(Stored data entries)
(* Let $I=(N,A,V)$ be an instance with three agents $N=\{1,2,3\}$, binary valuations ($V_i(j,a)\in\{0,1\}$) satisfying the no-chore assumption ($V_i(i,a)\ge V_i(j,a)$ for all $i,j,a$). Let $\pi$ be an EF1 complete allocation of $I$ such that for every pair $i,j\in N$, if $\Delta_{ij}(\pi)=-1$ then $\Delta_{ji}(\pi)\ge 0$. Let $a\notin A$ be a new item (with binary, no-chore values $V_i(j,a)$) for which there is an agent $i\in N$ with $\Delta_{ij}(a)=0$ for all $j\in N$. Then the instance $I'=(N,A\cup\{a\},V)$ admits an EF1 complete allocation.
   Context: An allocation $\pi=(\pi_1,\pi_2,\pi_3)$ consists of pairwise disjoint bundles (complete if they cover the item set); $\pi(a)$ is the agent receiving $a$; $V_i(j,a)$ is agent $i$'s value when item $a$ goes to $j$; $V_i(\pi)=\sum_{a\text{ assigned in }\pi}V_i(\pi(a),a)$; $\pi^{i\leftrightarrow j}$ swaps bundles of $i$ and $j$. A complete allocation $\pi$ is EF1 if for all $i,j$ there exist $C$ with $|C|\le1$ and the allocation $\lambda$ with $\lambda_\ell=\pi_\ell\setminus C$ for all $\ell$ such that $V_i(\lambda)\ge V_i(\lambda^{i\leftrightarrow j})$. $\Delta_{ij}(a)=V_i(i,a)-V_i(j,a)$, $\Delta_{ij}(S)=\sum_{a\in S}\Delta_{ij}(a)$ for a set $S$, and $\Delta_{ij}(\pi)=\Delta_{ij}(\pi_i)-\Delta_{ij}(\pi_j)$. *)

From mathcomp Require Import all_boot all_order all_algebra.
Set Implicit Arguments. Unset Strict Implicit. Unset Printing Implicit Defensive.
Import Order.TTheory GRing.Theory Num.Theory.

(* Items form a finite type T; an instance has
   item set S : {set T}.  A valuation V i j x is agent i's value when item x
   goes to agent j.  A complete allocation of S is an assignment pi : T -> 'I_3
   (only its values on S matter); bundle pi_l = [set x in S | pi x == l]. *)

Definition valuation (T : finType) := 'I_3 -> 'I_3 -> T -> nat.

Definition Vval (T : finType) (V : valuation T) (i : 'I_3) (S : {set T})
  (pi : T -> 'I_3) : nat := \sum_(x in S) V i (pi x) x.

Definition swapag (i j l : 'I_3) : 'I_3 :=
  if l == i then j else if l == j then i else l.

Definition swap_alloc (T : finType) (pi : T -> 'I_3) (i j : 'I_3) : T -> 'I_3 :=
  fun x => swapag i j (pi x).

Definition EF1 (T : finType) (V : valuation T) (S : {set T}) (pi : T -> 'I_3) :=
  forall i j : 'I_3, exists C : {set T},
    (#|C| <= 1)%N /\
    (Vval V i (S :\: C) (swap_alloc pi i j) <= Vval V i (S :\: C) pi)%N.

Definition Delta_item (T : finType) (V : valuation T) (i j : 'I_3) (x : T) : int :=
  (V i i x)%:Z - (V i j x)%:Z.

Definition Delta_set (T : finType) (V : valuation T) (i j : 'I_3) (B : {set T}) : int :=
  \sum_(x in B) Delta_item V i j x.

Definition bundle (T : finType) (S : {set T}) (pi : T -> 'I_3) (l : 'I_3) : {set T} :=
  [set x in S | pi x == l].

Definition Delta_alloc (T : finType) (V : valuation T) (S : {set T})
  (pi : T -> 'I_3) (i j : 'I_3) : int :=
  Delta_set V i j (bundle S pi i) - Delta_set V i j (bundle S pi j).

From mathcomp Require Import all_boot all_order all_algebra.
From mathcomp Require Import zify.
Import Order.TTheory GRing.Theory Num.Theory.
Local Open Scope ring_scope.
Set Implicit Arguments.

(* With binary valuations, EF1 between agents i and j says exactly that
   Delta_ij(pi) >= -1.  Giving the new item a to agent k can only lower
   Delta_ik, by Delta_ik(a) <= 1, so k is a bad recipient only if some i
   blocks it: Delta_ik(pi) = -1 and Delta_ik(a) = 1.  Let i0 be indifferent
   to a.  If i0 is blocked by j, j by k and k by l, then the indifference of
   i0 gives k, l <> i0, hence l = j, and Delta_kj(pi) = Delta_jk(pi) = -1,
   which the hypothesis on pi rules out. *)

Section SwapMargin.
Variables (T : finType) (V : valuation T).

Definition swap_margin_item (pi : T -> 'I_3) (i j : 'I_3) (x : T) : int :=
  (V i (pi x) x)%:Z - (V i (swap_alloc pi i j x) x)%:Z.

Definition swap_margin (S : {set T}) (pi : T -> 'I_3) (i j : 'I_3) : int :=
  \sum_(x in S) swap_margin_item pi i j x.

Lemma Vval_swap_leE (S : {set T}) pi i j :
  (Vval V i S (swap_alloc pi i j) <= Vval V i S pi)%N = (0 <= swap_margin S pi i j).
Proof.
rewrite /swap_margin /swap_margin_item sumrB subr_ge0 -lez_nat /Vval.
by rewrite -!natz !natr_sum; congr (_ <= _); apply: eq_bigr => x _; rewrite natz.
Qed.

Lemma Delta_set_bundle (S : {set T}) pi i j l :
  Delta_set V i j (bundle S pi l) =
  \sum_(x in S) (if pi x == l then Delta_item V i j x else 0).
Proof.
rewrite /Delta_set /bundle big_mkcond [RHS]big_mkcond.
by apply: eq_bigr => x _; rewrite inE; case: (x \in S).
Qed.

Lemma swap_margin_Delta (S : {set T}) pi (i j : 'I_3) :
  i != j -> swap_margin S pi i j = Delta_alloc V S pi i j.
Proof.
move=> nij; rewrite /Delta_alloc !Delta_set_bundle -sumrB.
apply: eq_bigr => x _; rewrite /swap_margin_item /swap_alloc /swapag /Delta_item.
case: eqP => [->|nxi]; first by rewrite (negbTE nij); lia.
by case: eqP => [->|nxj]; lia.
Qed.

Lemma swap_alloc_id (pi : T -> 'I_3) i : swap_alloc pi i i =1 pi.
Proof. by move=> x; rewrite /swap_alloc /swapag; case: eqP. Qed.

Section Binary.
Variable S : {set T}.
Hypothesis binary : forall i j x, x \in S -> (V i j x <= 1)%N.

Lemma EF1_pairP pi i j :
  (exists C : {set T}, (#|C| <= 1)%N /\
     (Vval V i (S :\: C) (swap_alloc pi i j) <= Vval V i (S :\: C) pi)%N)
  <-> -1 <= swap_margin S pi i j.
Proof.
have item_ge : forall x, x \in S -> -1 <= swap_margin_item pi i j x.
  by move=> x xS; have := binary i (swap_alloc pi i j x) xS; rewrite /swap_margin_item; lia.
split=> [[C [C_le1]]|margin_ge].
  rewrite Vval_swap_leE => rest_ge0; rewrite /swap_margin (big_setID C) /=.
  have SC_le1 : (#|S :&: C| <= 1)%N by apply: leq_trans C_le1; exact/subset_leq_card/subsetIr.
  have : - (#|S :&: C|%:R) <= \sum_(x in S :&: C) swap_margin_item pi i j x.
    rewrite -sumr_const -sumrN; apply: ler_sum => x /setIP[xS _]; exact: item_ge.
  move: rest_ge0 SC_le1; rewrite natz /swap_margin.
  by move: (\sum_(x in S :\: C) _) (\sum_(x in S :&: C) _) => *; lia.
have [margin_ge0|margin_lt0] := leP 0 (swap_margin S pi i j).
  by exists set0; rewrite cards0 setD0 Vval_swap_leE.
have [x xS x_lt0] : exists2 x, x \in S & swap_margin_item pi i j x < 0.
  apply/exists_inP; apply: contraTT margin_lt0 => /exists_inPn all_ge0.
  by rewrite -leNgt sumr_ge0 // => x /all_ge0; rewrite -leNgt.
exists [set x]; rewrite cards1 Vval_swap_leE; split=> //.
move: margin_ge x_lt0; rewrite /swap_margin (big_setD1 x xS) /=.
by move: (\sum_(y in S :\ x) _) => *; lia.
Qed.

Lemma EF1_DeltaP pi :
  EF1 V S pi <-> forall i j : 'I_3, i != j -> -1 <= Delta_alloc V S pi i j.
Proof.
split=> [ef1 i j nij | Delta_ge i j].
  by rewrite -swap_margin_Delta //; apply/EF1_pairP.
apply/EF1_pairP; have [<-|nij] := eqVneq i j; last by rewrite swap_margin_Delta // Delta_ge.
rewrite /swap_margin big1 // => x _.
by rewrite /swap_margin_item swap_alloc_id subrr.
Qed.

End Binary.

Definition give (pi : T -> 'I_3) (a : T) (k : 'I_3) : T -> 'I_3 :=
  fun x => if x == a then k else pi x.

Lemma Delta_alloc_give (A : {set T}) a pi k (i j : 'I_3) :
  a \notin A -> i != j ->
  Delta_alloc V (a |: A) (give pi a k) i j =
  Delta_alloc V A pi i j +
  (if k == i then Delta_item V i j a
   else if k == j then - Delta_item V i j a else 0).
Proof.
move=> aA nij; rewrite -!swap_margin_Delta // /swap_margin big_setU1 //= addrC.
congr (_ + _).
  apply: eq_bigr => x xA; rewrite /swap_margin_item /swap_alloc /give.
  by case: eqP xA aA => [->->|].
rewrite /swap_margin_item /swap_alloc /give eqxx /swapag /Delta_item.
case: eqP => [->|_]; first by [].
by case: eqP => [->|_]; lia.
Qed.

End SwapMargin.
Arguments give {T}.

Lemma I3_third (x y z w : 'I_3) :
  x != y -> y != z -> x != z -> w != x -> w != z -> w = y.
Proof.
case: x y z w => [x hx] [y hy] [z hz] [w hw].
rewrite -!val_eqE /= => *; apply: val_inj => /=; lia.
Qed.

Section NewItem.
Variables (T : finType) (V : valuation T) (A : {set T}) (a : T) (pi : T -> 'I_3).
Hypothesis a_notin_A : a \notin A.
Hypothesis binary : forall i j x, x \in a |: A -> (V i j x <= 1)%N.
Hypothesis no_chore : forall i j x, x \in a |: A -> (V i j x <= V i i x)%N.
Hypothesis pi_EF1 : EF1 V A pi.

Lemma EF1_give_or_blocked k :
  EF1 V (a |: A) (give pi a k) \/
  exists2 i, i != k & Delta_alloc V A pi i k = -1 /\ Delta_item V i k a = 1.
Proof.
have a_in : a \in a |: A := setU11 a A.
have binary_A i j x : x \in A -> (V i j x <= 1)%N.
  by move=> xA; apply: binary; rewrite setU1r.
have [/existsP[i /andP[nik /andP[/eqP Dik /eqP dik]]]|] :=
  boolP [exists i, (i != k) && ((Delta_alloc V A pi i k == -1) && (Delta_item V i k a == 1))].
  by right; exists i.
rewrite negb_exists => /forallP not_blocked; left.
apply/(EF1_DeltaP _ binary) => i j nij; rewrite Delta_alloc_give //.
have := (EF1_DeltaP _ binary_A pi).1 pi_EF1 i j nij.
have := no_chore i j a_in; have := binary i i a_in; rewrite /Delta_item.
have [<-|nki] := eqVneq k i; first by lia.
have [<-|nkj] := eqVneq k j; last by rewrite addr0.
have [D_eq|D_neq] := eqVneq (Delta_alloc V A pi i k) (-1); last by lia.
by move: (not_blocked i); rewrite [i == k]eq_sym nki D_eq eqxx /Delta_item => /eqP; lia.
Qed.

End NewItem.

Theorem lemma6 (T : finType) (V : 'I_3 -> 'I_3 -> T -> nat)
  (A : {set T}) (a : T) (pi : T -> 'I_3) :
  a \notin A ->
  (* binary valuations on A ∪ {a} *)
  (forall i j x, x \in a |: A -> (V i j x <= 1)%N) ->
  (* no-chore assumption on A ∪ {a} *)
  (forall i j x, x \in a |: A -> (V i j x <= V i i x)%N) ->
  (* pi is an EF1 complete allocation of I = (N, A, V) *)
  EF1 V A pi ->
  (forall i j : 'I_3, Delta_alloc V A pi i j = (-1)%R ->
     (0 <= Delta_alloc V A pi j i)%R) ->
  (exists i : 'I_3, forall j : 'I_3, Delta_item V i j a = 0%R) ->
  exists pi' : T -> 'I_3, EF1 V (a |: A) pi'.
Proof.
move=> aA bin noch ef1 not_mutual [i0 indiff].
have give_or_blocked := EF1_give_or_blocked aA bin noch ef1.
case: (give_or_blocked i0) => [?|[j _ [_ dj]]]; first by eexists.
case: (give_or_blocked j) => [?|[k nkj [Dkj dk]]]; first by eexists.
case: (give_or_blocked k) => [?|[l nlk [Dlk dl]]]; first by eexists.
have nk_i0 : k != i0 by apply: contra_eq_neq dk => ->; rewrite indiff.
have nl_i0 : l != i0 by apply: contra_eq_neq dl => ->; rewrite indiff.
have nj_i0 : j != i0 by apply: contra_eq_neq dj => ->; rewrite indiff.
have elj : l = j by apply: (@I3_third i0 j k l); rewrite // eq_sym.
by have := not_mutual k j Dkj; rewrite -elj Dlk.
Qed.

* Exercise description *
From the records above, transcribe exactly the run of lines that opens with the line holding "(forall i j : 'I_3, Delta_alloc" and closes with the line holding "case: (give_or_blocked i0)", both included.

* Your response *
  (forall i j : 'I_3, Delta_alloc V A pi i j = (-1)%R ->
     (0 <= Delta_alloc V A pi j i)%R) ->
  (exists i : 'I_3, forall j : 'I_3, Delta_item V i j a = 0%R) ->
  exists pi' : T -> 'I_3, EF1 V (a |: A) pi'.
Proof.
move=> aA bin noch ef1 not_mutual [i0 indiff].
have give_or_blocked := EF1_give_or_blocked aA bin noch ef1.
case: (give_or_blocked i0) => [?|[j _ [_ dj]]]; first by eexists.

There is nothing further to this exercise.